West Coast Editor

The bound-to-happen changes disclosed Wednesday by Amgen Inc. failed to shock Wall Street, and eyes now have turned to the firm's date with an FDA panel on erythropoietin stimulating agents (ESAs) and a court fight over patents with F. Hoffmann-La Roche Ltd. - even as hopes remain in some quarters that the feds might modify their reimbursement guidelines for anemia drugs.

And that's not all.

Concern lingers regarding how bad the impact for the red-blood cell boosters Aranesp (darbepoetin alfa) and Epogen (epoetin alfa) might be among private payers, who tend to follow the lead of the coverage decisions made by the Centers for Medicare & Medicaid Services.

Thousand Oaks, Calif.-based Amgen made known its restructuring plans, including layoffs of as many as 2,600 employees, after the market closed Wednesday. Shares (NASDAQ:AMGN) closed Thursday at $49.02, down $1.57. (See BioWorld Today, Aug. 16, 2007.)

"I'd love to be able to tell you exactly what's happening in 2008, but we don't know right now," Kevin Sharer, Amgen's CEO, told investors during a conference call. "All I can tell you right now is that we've got some uncertainties to go through here. We're signaling here some pretty aggressive cost moves."

Regarding private payers, patients' hopes rose - along with those of Amgen's investors, no doubt - in early July, when Blue Shield of California reversed its policy for erythropoietin stimulating agents (ESAs).

Blue Shield first planned to follow CMS' original guideline, requiring hemoglobin levels to fall to 9 grams per deciliter of blood or lower in order for coverage to begin, except for heart-condition patients, where the trigger point was 10 g/dL. Later, though, Blue Shield put the coverage trigger at 10 g/dL for all patients. CMS' final decision put the coverage starting point at 10 g/dL, too - but Amgen (as well as many doctors) say even that level is too low.

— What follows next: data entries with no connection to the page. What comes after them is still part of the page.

Lemma pr_cellset (Q : bool -> nT -> bool) :
  pr P [set w | Q (X w) (N w)] =
  \sum_n ((if Q true n then cell_pr true n else 0) +
          (if Q false n then cell_pr false n else 0)).
Proof.
have := integral_cst P (measurable_cellset _ _ mX mN Q) 1%:E.
rewrite mul1e /pr => <-.
rewrite (integral_cellset (fun _ => 1) (fun _ _ => 1) Q) //.
by under eq_bigr do rewrite !mul1r.
Qed.

Lemma cell_pr_ge0 x n : 0 <= cell_pr x n.
Proof. exact/fine_ge0/measure_ge0. Qed.

Lemma cell_int_null x n : cell_pr x n = 0 -> cell_int x n = 0.
Proof.
have mc := measurable_cell _ _ mX mN x n.
move=> h; rewrite /cell_int null_set_integral //.
  by apply/measurable_EFinP; exact: measurable_funS mY.
move: h; rewrite /cell_pr /pr => h.
by rewrite -[LHS]fineK ?h ?fin_num_measure.
Qed.

Local Notation a n := (cell_pr true n).
Local Notation b n := (cell_pr false n).
Local Notation u n := (cell_int true n).
Local Notation v n := (cell_int false n).
Local Notation xn n := (a n / (a n + b n)).

Lemma null_fiber_or_mass n :
  (a n = 0 /\ b n = 0 /\ u n = 0 /\ v n = 0) \/ (a n + b n != 0).
Proof.
have [h|] := eqVneq (a n + b n) 0; last by right.
have ha := cell_pr_ge0 true n; have hb := cell_pr_ge0 false n.
have a0 : a n = 0 by lra.
have b0 : b n = 0 by lra.
by left; rewrite a0 b0 !cell_int_null.
Qed.
Lemma mul_perm_onDE_out x : x \in A :\: B -> (b * g)%g x = g x.
Proof. by move=> xAB; rewrite permM (out_perm hb) //; case/setDP: xAB. Qed.

Lemma mul_perm_onD : perm_on A (b * g)%g.
Proof. by apply: perm_onM; [apply: perm_onS hb | apply: perm_onS hg; apply: subsetDl]. Qed.

Lemma mul_perm_onD_astabs : (b * g)%g \in ('N(B | 'P))%g.
Proof.
apply/astabsP => x; change (((b * g)%g x \in B) = (x \in B)).
case xB: (x \in B); first by rewrite mul_perm_onDE_in // (perm_closed _ hb).
rewrite permM (out_perm hb) ?xB //; case xAB: (x \in A :\: B).
  by apply/negbTE; move: (xAB); rewrite -(perm_closed _ hg) inE => /andP[].
by rewrite (out_perm hg) ?xAB.
Qed.

Lemma restr_perm_mulD_l : restr_perm B (b * g)%g = b.
Proof.
apply/permP => x; case xB: (x \in B).
  by rewrite (restr_permE mul_perm_onD_astabs xB) mul_perm_onDE_in.
by rewrite !(out_perm (restr_perm_on _ _)) ?xB // (out_perm hb) ?xB.
Qed.

Lemma restr_perm_mulD_r : restr_perm (A :\: B) (b * g)%g = g.
Proof.
have sAB : (b * g)%g \in ('N(A :\: B | 'P))%g.
  apply: (subsetP (astabsD _ _ _)).
  by rewrite inE (perm_on_astabs mul_perm_onD) mul_perm_onD_astabs.
apply/permP => x; case xAB: (x \in A :\: B).
  by rewrite (restr_permE sAB xAB) mul_perm_onDE_out.
by rewrite !(out_perm (restr_perm_on _ _)) ?xAB // (out_perm hg) ?xAB.
Qed.

Lemma porbits_in_mulD_l : porbits_in (b * g)%g B = porbits_in b B.
Proof.
apply: eq_in_imset => x xB; apply: eq_in_porbit xB => y yB.
  by rewrite mul_perm_onDE_in.
by rewrite (perm_closed _ hb).
Qed.
(* Let $G=(g_{uv})_{1\le u,v\le m}$ be a symmetric complex matrix with units on the diagonal with $\mathrm{rank}\,G\le 2r$ for an integer $r$, let $0<\varkappa<1$, and suppose that for any $u,v\in[m]$ either $|g_{uv}-1|>\varkappa$ or $|g_{uv}-1|<2^{-4(r+1)}\varkappa$. Let $\mathcal K=\mathcal K(G,\varkappa)$ and let $\succ$ be any ordering of $\mathcal K$ produced by the construction in the context. Then for any two simplices $\sigma,\tau\in\mathcal K$ with $\dim\sigma=\dim\tau=r$ and $\mu(\sigma)=\mu(\tau)$, we have $\sigma\cup\tau\in\mathcal K$.
   Context: $[m]=\{1,\dots,m\}$; $\Gamma(G,\varkappa)$ is the graph on $[m]$ with $\{u,v\}$ an edge iff $|g_{uv}-1|<\varkappa$; $\mathcal K(G,\varkappa)$ is its clique complex; $\dim\sigma=|\sigma|-1$. For a strict total ordering $\succ$ of $\mathcal K$ and non-empty $\sigma$, $\mu(\sigma)$ is the $\succ$-largest facet of $\sigma$. Construction of $\succ$: simplices of larger dimension are larger; vertices are ordered arbitrarily; assuming $\succ$ is defined on $(s-1)$-simplices, for $s$-simplices put $\sigma\succ\tau$ if $\mu(\sigma)\succ\mu(\tau)$; for each $(s-1)$-simplex $\rho$, let $\mathbb V_\rho$ be the set of vertices $v\notin\rho$ with $\rho\cup\{v\}\in\mathcal K$ and $\mu(\rho\cup\{v\})=\rho$, $t=|\mathbb V_\rho|$; choose $v_1,\dots,v_t$ successively: for $j<t$, among pairs $w\ne z$ in $\mathbb V_\rho\setminus\{v_1,\dots,v_{j-1}\}$ pick a pair $(w^0,z^0)$ maximizing $|g_{wz}-1|$ (ties broken arbitrarily) and set $v_j=w^0$; $v_t$ is the remaining vertex; then put $\rho\cup\{v_1\}\succ\dots\succ\rho\cup\{v_t\}$. *)

From HB Require Import structures.
From mathcomp Require Import all_boot all_order all_algebra.
From mathcomp Require Import reals.
From mathcomp Require Import complex.
Set Implicit Arguments. Unset Strict Implicit. Unset Printing Implicit Defensive.
Import Order.TTheory GRing.Theory Num.Theory.
Local Open Scope ring_scope.

Section Defs.
Variables (R : realType) (m : nat).
Local Notation C := (R[i]).

Definition cabs (z : C) : R := ComplexField.Normc.normc z.

Definition dist1 (G : 'M[C]_m) (u v : 'I_m) : R := cabs (G u v - 1).

(* Simplices of the clique complex K(G, kappa) of the graph Gamma(G, kappa):
   non-empty sets of vertices that are pairwise adjacent. *)
Definition inK (G : 'M[C]_m) (kappa : R) (s : {set 'I_m}) : bool :=
  (s != set0) &&
  [forall u in s, forall v in s, (u != v) ==> (dist1 G u v < kappa)].

Definition facets (s : {set 'I_m}) : {set {set 'I_m}} := [set s :\ v | v in s].

(* mu(s): the ord-largest facet of s ([ord a b] means a ≻ b). *)
Definition mu (ord : rel {set 'I_m}) (s : {set 'I_m}) : {set 'I_m} :=
  odflt set0 [pick r in facets s |
               [forall r' in facets s, (r' == r) || ord r r']].

Definition Vset (G : 'M[C]_m) (kappa : R) (ord : rel {set 'I_m})
    (rho : {set 'I_m}) : {set 'I_m} :=
  [set v | (v \notin rho) && inK G kappa (v |: rho) && (mu ord (v |: rho) == rho)].

Definition constructed_order (G : 'M[C]_m) (kappa : R) (ord : rel {set 'I_m}) : Prop :=
  (forall s, inK G kappa s -> ~~ ord s s) /\
      (forall s t u, inK G kappa s -> inK G kappa t -> inK G kappa u ->
                     ord s t -> ord t u -> ord s u) /\
      (forall s t, inK G kappa s -> inK G kappa t -> s != t -> ord s t || ord t s) /\
      (forall s t, inK G kappa s -> inK G kappa t -> (#|t| < #|s|)%N -> ord s t) /\
      (forall s t, inK G kappa s -> inK G kappa t -> #|s| = #|t| -> (1 < #|s|)%N ->
                   ord (mu ord s) (mu ord t) -> ord s t) /\
  (* within the block of rho, the order rho+v_1 ≻ ... ≻ rho+v_t follows the
     greedy choice: v_j is an endpoint w^0 of a pair (w^0,z^0) of distinct
     remaining vertices maximizing |g_wz - 1|, whenever at least two vertices
     remain (j < t). *)
      (forall rho v, inK G kappa rho -> v \in Vset G kappa ord rho ->
         let Rv := [set w in Vset G kappa ord rho | ~~ ord (w |: rho) (v |: rho)] in
         (1 < #|Rv|)%N ->
         exists2 z, z \in Rv & (z != v) /\
           (forall w z', w \in Rv -> z' \in Rv -> w != z' ->
                         dist1 G w z' <= dist1 G v z)).

End Defs.

(* Write sigma = v + rho and tau = w + rho with rho = mu(sigma) = mu(tau); we
   must show that v and w are adjacent.  By the gap hypothesis any two vertices
   of a simplex are delta-close, delta = kappa 2^-4(r+1).  Suppose
   |g_vw - 1| > kappa and, say, sigma is above tau.  Peeling sigma with mu gives
   faces {x0} = F_0 < F_1 < ... < F_r = sigma with F_(i+1) = x_i + F_i.  The
   construction of the order keeps v and w among the vertices ranked at or below
   x_i in the block of F_i, so the greedy rule supplies a z_i there whose
   distance c_i to x_i is maximal in that block; in particular c_i > kappa.
   The 2r+1 rows x0, x_i, z_i of G are then almost triangular: the entries among
   x0 and the x_j, and between z_i and the earlier x_j, are delta-close to 1,
   while g(x_i, z_i) is far from 1 and dominates the entries of z_i against
   later rows.  Evaluating a vanishing combination of these rows at the columns
   x_j and z_j bounds each coefficient by the earlier (resp. later) ones, and
   the resulting geometric bounds force all coefficients to vanish because
   2^(2r+3) delta < kappa.  Hence rank G > 2r, a contradiction. *)

From HB Require Import structures.
From mathcomp Require Import all_boot all_order all_algebra.
From mathcomp Require Import reals.
From mathcomp Require Import complex.
From mathcomp Require Import ring lra zify.
Set Implicit Arguments. Unset Strict Implicit. Unset Printing Implicit Defensive.
Import Order.TTheory GRing.Theory Num.Theory.
Local Open Scope ring_scope.

Section ComplexModulus.
Variable R : realType.
Implicit Types x y : R[i].

Lemma cabs_ge0 x : 0 <= cabs x.
Proof. by case: x => a b; rewrite /cabs sqrtr_ge0. Qed.

Lemma cabs0 : cabs (0 : R[i]) = 0.
Proof. exact: ComplexField.Normc.normc0. Qed.

Lemma cabs_eq0 x : cabs x = 0 -> x = 0.
Proof. exact: ComplexField.Normc.eq0_normc. Qed.

Lemma cabsN x : cabs (- x) = cabs x.
Proof. exact: normcN. Qed.

Lemma cabsM x y : cabs (x * y) = cabs x * cabs y.
Proof. exact: ComplexField.Normc.normcM. Qed.

Lemma cabsD x y : cabs (x + y) <= cabs x + cabs y.
Proof. exact: le_normcD. Qed.

Lemma cabs_sum_le (I : eqType) (s : seq I) (P : pred I) (F : I -> R[i]) (g : I -> R) :
  (forall i, i \in s -> P i -> cabs (F i) <= g i) ->
  cabs (\sum_(i <- s | P i) F i) <= \sum_(i <- s | P i) g i.
Proof.
move=> Fg; rewrite big_seq_cond [X in _ <= X]big_seq_cond.
apply: (big_rec2 (fun z t => cabs z <= t)) => [|i z t /andP[si Pi] h].
  by rewrite cabs0.
exact: le_trans (cabsD _ z) (lerD (Fg i si Pi) h).
Qed.

Lemma dist1_diag (m : nat) (G : 'M[R[i]]_m) p : G p p = 1 -> dist1 G p p = 0.
Proof. by move=> Gpp; rewrite /dist1 Gpp subrr cabs0. Qed.

End ComplexModulus.

Lemma fin_all_exists_ltn (T : finType) (x0 : T) (P : nat -> pred T) n :
  (forall i, (i < n)%N -> exists x, P i x) ->
  exists f : nat -> T, forall i, (i < n)%N -> P i (f i).
Proof.
move=> exP; exists (fun i => odflt x0 [pick x | P i x]) => i /exP[x Px].
by case: pickP => [y // | /(_ x)]; rewrite Px.
Qed.

Lemma ex_max_seq (T : eqType) (P : pred T) (lt : rel T) (s : seq T) :
  (forall x y z, P x -> P y -> P z -> lt x y -> lt y z -> lt x z) ->
  (forall x y, P x -> P y -> x != y -> lt x y || lt y x) ->
  s != [::] -> all P s ->
  exists2 x, x \in s & forall y, y \in s -> (y == x) || lt x y.
Proof.
move=> lt_trans lt_total; elim: s => [//|x s IH] _ /andP[Px Ps].
have [-> | s_neq0] := eqVneq s [::].
  by exists x; rewrite ?mem_head // => y; rewrite inE => ->.
have [y ys y_max] := IH s_neq0 Ps; have Py := allP Ps y ys.
have [-> | xy] := eqVneq x y.
  by exists y; rewrite ?mem_head // => z; rewrite inE => /orP[-> // | /y_max].
case/orP: (lt_total x y Px Py xy) => [lt_xy | lt_yx].
  exists x; rewrite ?mem_head // => z; rewrite inE => /orP[-> // | zs].
  case/orP: (y_max z zs) => [/eqP-> | lt_yz]; first by rewrite lt_xy orbT.
  by rewrite (lt_trans x y z) ?orbT // (allP Ps).
exists y; rewrite ?inE ?ys ?orbT // => z; rewrite inE => /orP[/eqP-> | /y_max //].
by rewrite lt_yx orbT.
Qed.

Section GeometricGrowth.
Variables (R : realDomainType) (u : nat -> R) (A : R) (n : nat).

Lemma sum_le_geometric :
  (forall j, (j < n)%N -> u j <= A + \sum_(0 <= i < j) u i) ->
  \sum_(0 <= i < n) u i <= (2 ^+ n - 1) * A.
Proof.
elim: n => [|k IH] hu; first by rewrite big_geq // subrr mul0r.
rewrite big_nat_recr //= exprS.
have := hu k (ltnSn k); have := IH (fun j hj => hu j (ltnW hj)).
set S := \sum_(0 <= i < k) u i; set p := 2 ^+ k; lra.
Qed.

Lemma sum_le_geometric_rev :
  (forall j, (j < n)%N -> u j <= A + \sum_(j.+1 <= i < n) u i) ->
  \sum_(0 <= i < n) u i <= (2 ^+ n - 1) * A.
Proof.
move=> hu; suff tail k : (k <= n)%N -> \sum_(n - k <= i < n) u i <= (2 ^+ k - 1) * A.
  by have := tail n (leqnn n); rewrite subnn.
elim: k => [_|k IH lt_kn]; first by rewrite subn0 big_geq // subrr mul0r.
have lt_n : (n - k.+1 < n)%N by lia.
rewrite (big_ltn lt_n) exprS.
have := hu _ lt_n; have := IH (ltnW lt_kn); rewrite -subSn // subSS.
set S := \sum_(n - k <= i < n) u i; set p := 2 ^+ k; lra.
Qed.

End GeometricGrowth.

Lemma rows_dependent (F : fieldType) (m n : nat) (G : 'M[F]_m) (f : nat -> 'I_m) :
  (\rank G < n)%N ->
  exists2 y : nat -> F, (exists2 k, (k < n)%N & y k != 0) &
    forall q, \sum_(0 <= k < n) y k * G (f k) q = 0.
Proof.
move=> rkG; pose M := rowsub (fun k : 'I_n => f k) G.
have : kermx M != 0.
  rewrite -mxrank_eq0 mxrank_ker -lt0n subn_gt0.
  by rewrite /M rowsubE (leq_ltn_trans (mxrankM_maxr _ _)).
case/rowV0Pn => v /sub_kermxP vM v0.
exists (fun k => if insub k is Some j then v 0 j else 0).
  have [k vk] : exists k, v 0 k != 0.
    apply/existsP; apply: contraNT v0; rewrite negb_exists => /forallP v0.
    by apply/eqP/rowP => k; rewrite mxE; apply/eqP/negPn.
  by exists k; rewrite ?ltn_ord ?valK.
move=> q; rewrite big_mkord.
transitivity ((v *m M) 0 q); last by rewrite vM mxE.
by rewrite mxE; apply: eq_bigr => k _; rewrite valK mxE.
Qed.

Lemma sum_split3 (V : nmodType) (r : nat) (F : nat -> V) :
  \sum_(0 <= k < 1 + r + r) F k =
  F 0%N + \sum_(0 <= i < r) F i.+1 + \sum_(0 <= i < r) F (r + i).+1.
Proof.
rewrite (big_cat_nat (n := r.+1)) ?leq_addr //= big_nat_recl //.
rewrite -[in X in _ + X](add0n r.+1) big_addn add1n subSS addnK.
by congr (_ + _); apply: eq_bigr => i _; rewrite addnS addnC.
Qed.

(* The rows x0, x_i, z_i of the sketch above, with c_i = dist1 G (xs i) (zs i). *)
Definition staircase (R : realType) (m r : nat) (G : 'M[R[i]]_m) (kappa delta : R)
    (x0 : 'I_m) (xs zs : nat -> 'I_m) : Prop :=
  let d := dist1 G in
  [/\ forall i, (i < r)%N -> d (xs i) x0 < delta /\ d (zs i) x0 < delta,
      forall i j, (i < r)%N -> (j < r)%N -> d (xs i) (xs j) < delta,
      forall i j, (j < i < r)%N -> d (zs i) (xs j) < delta,
      forall i j, (i < j < r)%N ->
        d (zs i) (xs j) <= d (xs i) (zs i) /\ d (zs i) (zs j) <= d (xs i) (zs i) &
      forall i, (i < r)%N -> kappa <= d (xs i) (zs i)].

Section Staircase.
Variables (R : realType) (m r : nat) (G : 'M[R[i]]_m) (kappa delta : R).
Variables (x0 : 'I_m) (xs zs : nat -> 'I_m).
Local Notation d := (dist1 G).

Hypothesis d_sym : forall p q, d p q = d q p.
Hypothesis G_diag : forall p, G p p = 1.
Hypothesis kappa_gt0 : 0 < kappa.
Hypothesis delta_gt0 : 0 < delta.
Hypothesis delta_small : (kappa + 8 * (2 ^+ r) ^+ 2) * delta < kappa.
Hypothesis frame : staircase r G kappa delta x0 xs zs.

Let c i := d (xs i) (zs i).

Let xs_x0 i : (i < r)%N -> d (xs i) x0 < delta.
Proof. by case: frame => + _ _ _ _ => /[apply] -[]. Qed.
Let zs_x0 i : (i < r)%N -> d (zs i) x0 < delta.
Proof. by case: frame => + _ _ _ _ => /[apply] -[]. Qed.
Let xs_xs i j : (i < r)%N -> (j < r)%N -> d (xs i) (xs j) < delta.
Proof. by case: frame => _ + _ _ _; apply. Qed.
Let zs_xs_lt i j : (j < i < r)%N -> d (zs i) (xs j) < delta.
Proof. by case: frame => _ _ + _ _; apply. Qed.
Let zs_xs_gt i j : (i < j < r)%N -> d (zs i) (xs j) <= c i.
Proof. by case: frame => _ _ _ + _ => /[apply] -[]. Qed.
Let zs_zs_gt i j : (i < j < r)%N -> d (zs i) (zs j) <= c i.
Proof. by case: frame => _ _ _ + _ => /[apply] -[]. Qed.
Let c_ge i : (i < r)%N -> kappa <= c i.
Proof. by case: frame => _ _ _ _; apply. Qed.

Section Dependence.
Variables (a : R[i]) (b e : nat -> R[i]).
Hypothesis rows_dep : forall q,
  a * G x0 q + \sum_(0 <= i < r) b i * G (xs i) q + \sum_(0 <= i < r) e i * G (zs i) q = 0.

Let nb i := cabs (b i).
Let ne i := cabs (e i).
Let NB := \sum_(0 <= i < r) nb i.
Let NE := \sum_(0 <= i < r) ne i.
Let N := cabs a + NB + NE.
Let s := a + \sum_(0 <= i < r) (b i + e i).
Let t q i := b i * (G (xs i) q - 1) + e i * (G (zs i) q - 1).

Let d_diag p : d p p = 0 := dist1_diag (G_diag p).

Let nb_ge0 i : 0 <= nb i. Proof. exact: cabs_ge0. Qed.
Let ne_ge0 i : 0 <= ne i. Proof. exact: cabs_ge0. Qed.
Let NB_ge0 : 0 <= NB. Proof. exact: sumr_ge0. Qed.
Let NE_ge0 : 0 <= NE. Proof. exact: sumr_ge0. Qed.
Let N_ge0 : 0 <= N. Proof. by rewrite !addr_ge0 ?cabs_ge0. Qed.

Let c_gt0 i : (i < r)%N -> 0 < c i.
Proof. by move=> /c_ge; apply: lt_le_trans. Qed.

(* Rewriting [G p q] as [1 + (G p q - 1)] separates the sum [s] of all
   coefficients from terms that are small whenever [p] and [q] are close. *)
Lemma rows_dep_centered q : s + (a * (G x0 q - 1) + \sum_(0 <= i < r) t q i) = 0.
Proof.
rewrite -[RHS](rows_dep q) -[in RHS]addrA -[in RHS]big_split /=.
have -> : \sum_(0 <= i < r) (b i * G (xs i) q + e i * G (zs i) q) =
          \sum_(0 <= i < r) (b i + e i) + \sum_(0 <= i < r) t q i.
  by rewrite -big_split; apply: eq_bigr => i _ /=; rewrite /t; ring.
rewrite /s; ring.
Qed.

Lemma cabs_t_le q i : cabs (t q i) <= nb i * d (xs i) q + ne i * d (zs i) q.
Proof. by rewrite /t; apply: le_trans (cabsD _ _) _; rewrite !cabsM. Qed.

Next month, the FDA's Cardiovascular and Renal Drugs Advisory Committee will discuss the use of ESAs in kidney disease, and the FDA's final label revision for the drugs when used in oncology is expected in the second half of this year.

Chemotherapy-caused anemia is the main use for Aranesp, a second-generation product of Epogen. Together, the compounds' sales make up about half of Amgen's revenue. But research lately showed an increased risk of death in cancer patients on Aranesp not undergoing chemo. In March, the FDA ordered a "black box" warning on ESA labels, asking doctors to use the lowest dosing possible to avoid the risk of heart attack and stroke.

ESA sales last year reached $10 billion, in a market where Amgen's Aranesp has conquered its only competitor, Johnson & Johnson's Procrit (epoetin alfa). Also in September, though, Amgen's court battle over a would-be anemia competitor - Roche's continuous erythropoiesis receptor activator (CERA, branded Mircera) - goes to trial.

The FDA issued Basel, Switzerland-based Roche an approvable letter for Mircera in May, with approval expected this year.

What's might be ahead for Amgen? A projected drop in capital expenditures of about $1.9 billion during the period from 2007 to 2008 could let the firm plug a pipeline hiatus until the launch of denosumab for osteoporosis and cancer treatment-induced bone loss in 2009. Amgen partnered the antibody this summer in Japan with Tokyo-based Daiichi Sankyo Co. Ltd.. During the conference call Wednesday, Sharer called denosumab "a molecule that we hope is an absolute double blockbuster." (See BioWorld Today, July 13, 2007.)

Meanwhile, potentially tempting acquisitions for Amgen include intravenous ferumoxytol iron in development by Cambridge, Mass.-based AMAG Pharmaceuticals Inc. (formerly Advanced Magnetics Inc.) AMAG in July reported positive data from the fourth and final Phase III trial with ferumoxytol in 230 chronic kidney disease patients on hemodialysis, hitting statistical significance vs. oral iron in the primary endpoint of increased hemoglobin levels. The trial nailed secondary endpoints, too.

Analysts had questions about the company's research and development, and how Amgen measures productivity. Sharer said the question is "one that has bedeviled us all for a long time," and pointed to "a pipeline that is dramatically more full than we had before."

The traditional tools for gauging R&D - "project returns, discounted cash flows and what have you" - are "relatively unsatisfying," he said.

"In effect, we just started here in 2002," Sharer said. "The current team showed up in 2001, and we were faced with starting an R&D organization again. I'd say it's a bit early, but here in the next year or two, we're going to be able to make some judgments."